→ What this task involves
Where does the string "Habove" occur in the records below? Copy every line that holds it.

→ Data for analysis
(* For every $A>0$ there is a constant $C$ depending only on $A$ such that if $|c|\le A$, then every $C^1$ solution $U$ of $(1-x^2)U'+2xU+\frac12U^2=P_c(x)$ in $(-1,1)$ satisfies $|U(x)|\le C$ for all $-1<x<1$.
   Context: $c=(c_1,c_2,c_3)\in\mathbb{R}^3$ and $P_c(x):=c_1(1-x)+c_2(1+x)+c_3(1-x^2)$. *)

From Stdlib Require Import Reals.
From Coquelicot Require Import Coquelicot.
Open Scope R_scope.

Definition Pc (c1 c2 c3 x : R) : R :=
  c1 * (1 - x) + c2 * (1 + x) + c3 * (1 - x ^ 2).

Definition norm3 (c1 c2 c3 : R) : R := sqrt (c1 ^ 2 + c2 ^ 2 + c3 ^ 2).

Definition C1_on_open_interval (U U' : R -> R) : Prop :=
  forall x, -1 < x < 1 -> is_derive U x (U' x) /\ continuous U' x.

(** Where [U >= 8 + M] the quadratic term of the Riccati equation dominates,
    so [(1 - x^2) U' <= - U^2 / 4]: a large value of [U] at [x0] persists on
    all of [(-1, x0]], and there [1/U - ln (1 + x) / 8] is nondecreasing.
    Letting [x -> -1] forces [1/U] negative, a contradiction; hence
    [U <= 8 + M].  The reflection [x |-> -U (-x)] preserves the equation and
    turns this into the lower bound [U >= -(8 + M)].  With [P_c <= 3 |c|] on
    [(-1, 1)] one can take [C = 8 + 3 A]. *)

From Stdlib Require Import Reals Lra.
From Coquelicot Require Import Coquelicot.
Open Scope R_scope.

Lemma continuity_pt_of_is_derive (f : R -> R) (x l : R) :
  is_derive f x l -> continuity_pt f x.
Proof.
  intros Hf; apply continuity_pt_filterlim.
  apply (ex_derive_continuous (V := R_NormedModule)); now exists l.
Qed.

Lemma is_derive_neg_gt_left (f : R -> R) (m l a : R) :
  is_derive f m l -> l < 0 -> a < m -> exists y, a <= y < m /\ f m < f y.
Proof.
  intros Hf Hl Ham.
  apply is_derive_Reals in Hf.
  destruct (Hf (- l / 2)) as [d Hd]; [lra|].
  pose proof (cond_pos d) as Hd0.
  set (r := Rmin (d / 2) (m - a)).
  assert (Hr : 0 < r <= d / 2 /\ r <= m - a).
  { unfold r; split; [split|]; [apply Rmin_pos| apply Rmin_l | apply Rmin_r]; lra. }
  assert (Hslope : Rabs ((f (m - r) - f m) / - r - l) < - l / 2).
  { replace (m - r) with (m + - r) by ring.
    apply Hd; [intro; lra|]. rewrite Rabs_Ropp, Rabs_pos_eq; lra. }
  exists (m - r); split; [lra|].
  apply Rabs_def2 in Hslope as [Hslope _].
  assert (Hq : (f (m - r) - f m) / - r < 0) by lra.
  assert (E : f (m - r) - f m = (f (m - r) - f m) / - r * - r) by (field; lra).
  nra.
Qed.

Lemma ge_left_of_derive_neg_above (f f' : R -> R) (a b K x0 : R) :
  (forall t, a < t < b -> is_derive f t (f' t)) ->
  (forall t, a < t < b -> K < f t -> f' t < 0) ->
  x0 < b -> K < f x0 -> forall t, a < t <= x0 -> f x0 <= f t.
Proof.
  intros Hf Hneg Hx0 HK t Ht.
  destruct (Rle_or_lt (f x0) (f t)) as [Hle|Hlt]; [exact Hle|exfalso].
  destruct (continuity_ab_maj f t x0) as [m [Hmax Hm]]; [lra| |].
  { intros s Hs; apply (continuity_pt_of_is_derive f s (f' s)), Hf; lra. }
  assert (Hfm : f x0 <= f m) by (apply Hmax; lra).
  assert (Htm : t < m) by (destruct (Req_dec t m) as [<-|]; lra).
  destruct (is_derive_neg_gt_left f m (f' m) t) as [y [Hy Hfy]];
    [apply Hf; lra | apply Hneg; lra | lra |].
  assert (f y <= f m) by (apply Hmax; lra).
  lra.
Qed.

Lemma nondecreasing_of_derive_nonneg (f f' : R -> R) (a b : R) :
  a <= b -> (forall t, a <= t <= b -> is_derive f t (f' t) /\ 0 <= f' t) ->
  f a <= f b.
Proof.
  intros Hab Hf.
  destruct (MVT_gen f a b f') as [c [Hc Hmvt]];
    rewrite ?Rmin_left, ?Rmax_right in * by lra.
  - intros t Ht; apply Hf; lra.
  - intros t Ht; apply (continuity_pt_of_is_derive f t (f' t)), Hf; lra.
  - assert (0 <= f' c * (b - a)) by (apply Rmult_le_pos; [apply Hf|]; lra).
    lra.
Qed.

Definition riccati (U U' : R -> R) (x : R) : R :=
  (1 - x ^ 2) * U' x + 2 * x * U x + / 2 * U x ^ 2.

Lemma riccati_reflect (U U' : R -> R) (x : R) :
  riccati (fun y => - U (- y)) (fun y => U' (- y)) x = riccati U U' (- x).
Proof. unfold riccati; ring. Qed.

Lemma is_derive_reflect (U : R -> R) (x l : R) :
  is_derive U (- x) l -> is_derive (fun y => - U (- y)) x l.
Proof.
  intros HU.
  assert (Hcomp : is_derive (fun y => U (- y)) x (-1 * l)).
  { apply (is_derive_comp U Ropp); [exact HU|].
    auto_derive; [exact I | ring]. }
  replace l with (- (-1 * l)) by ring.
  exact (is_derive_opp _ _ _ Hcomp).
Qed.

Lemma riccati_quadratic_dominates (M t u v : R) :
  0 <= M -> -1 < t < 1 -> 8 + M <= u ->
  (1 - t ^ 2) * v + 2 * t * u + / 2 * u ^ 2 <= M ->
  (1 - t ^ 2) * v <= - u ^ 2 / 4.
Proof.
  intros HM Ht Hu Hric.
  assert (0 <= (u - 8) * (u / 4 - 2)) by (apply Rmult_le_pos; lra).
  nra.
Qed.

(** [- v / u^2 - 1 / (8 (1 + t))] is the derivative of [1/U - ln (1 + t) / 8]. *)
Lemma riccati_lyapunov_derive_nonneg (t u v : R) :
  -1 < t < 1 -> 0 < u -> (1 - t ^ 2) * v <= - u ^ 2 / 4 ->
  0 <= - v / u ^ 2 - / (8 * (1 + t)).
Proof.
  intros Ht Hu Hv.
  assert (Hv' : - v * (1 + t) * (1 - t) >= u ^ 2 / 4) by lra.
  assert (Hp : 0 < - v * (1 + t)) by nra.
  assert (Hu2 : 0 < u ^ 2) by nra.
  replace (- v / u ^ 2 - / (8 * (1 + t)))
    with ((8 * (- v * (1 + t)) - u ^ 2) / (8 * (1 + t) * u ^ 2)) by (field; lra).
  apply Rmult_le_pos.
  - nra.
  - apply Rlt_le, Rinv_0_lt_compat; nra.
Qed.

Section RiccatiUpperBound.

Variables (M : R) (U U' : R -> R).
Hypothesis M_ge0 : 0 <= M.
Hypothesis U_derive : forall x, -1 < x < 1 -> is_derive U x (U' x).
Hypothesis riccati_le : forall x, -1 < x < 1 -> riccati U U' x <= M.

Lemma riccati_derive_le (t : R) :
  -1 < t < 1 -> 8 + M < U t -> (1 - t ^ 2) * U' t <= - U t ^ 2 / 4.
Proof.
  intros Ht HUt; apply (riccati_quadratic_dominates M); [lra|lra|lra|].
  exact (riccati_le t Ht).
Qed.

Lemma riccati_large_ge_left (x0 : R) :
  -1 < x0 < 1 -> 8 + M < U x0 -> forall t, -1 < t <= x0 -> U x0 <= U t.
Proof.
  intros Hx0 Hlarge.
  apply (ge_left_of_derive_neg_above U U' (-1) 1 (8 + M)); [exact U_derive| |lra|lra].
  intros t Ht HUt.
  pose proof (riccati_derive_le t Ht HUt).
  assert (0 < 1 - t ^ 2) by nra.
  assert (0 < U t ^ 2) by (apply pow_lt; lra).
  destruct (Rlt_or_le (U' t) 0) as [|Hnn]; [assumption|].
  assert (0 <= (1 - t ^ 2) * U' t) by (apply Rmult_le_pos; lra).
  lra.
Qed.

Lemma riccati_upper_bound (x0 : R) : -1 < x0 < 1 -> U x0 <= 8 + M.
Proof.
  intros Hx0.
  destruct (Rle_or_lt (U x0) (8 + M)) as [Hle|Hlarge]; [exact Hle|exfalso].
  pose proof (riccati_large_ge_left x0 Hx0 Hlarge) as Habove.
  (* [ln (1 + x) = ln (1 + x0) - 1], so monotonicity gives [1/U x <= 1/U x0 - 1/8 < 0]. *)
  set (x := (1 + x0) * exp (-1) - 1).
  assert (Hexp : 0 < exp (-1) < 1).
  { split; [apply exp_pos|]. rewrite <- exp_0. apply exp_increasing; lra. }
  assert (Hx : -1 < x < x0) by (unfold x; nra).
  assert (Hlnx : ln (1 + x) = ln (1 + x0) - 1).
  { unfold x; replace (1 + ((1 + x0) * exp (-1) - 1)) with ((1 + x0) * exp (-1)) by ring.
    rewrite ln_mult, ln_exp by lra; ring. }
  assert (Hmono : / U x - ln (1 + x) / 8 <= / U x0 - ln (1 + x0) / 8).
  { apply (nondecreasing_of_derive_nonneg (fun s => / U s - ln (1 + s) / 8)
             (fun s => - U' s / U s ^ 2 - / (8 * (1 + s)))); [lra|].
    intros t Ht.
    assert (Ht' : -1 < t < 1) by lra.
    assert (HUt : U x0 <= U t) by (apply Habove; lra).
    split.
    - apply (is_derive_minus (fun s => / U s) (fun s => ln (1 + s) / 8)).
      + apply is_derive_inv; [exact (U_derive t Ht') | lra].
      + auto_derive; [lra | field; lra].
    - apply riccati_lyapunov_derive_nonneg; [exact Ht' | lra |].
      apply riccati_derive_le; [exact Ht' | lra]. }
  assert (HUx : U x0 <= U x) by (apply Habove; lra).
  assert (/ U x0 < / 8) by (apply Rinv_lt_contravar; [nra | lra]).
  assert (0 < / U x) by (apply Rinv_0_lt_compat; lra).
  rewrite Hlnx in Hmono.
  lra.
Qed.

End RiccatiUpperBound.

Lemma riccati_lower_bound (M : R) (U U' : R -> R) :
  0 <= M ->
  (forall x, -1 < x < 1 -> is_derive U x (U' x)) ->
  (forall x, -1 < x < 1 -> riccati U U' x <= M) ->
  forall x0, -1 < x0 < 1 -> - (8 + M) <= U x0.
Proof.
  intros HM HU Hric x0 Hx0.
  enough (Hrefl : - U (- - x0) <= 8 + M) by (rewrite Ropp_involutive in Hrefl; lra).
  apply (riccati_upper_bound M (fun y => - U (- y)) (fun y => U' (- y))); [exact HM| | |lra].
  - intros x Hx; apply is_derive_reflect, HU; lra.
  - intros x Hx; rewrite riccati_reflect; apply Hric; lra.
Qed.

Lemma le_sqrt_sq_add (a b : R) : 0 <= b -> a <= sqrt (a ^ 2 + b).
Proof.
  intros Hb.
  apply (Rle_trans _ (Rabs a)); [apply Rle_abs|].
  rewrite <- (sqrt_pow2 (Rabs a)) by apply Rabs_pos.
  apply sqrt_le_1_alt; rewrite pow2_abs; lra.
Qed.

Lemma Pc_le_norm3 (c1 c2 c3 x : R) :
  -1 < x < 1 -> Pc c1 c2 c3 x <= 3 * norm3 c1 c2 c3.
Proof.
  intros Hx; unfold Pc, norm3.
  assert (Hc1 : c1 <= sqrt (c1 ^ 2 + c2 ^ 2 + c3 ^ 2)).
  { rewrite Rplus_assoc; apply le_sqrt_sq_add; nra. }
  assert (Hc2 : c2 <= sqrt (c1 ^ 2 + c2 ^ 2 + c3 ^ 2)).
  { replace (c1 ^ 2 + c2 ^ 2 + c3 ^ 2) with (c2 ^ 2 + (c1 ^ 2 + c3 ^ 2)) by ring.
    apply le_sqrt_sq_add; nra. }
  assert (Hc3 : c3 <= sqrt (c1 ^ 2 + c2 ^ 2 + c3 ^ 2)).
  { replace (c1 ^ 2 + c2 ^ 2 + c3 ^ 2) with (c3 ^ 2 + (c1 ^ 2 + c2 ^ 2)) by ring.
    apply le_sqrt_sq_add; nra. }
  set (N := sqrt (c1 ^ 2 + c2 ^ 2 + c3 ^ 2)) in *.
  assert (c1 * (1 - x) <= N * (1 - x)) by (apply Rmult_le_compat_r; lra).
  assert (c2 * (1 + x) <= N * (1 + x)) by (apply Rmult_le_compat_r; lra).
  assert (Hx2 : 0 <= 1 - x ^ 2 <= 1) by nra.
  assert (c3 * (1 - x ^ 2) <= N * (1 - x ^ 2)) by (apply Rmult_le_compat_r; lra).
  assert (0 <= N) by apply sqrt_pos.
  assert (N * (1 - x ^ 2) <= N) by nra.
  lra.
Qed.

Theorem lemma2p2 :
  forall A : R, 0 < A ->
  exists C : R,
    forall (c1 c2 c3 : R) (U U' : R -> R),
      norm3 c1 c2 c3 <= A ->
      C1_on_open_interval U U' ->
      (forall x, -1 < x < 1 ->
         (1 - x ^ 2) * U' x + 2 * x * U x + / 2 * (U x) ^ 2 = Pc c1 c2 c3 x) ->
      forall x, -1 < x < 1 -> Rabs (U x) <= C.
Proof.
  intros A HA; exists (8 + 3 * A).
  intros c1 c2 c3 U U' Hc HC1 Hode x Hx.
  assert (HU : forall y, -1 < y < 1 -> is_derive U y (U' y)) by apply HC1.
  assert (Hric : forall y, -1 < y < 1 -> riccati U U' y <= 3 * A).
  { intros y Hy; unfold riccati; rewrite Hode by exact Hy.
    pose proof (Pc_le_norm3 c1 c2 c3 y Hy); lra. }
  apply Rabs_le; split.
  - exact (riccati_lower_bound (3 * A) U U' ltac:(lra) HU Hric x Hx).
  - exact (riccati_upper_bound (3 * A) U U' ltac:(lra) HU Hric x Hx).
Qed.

→ Written reply
  pose proof (riccati_large_ge_left x0 Hx0 Hlarge) as Habove.
    assert (HUt : U x0 <= U t) by (apply Habove; lra).
  assert (HUx : U x0 <= U x) by (apply Habove; lra).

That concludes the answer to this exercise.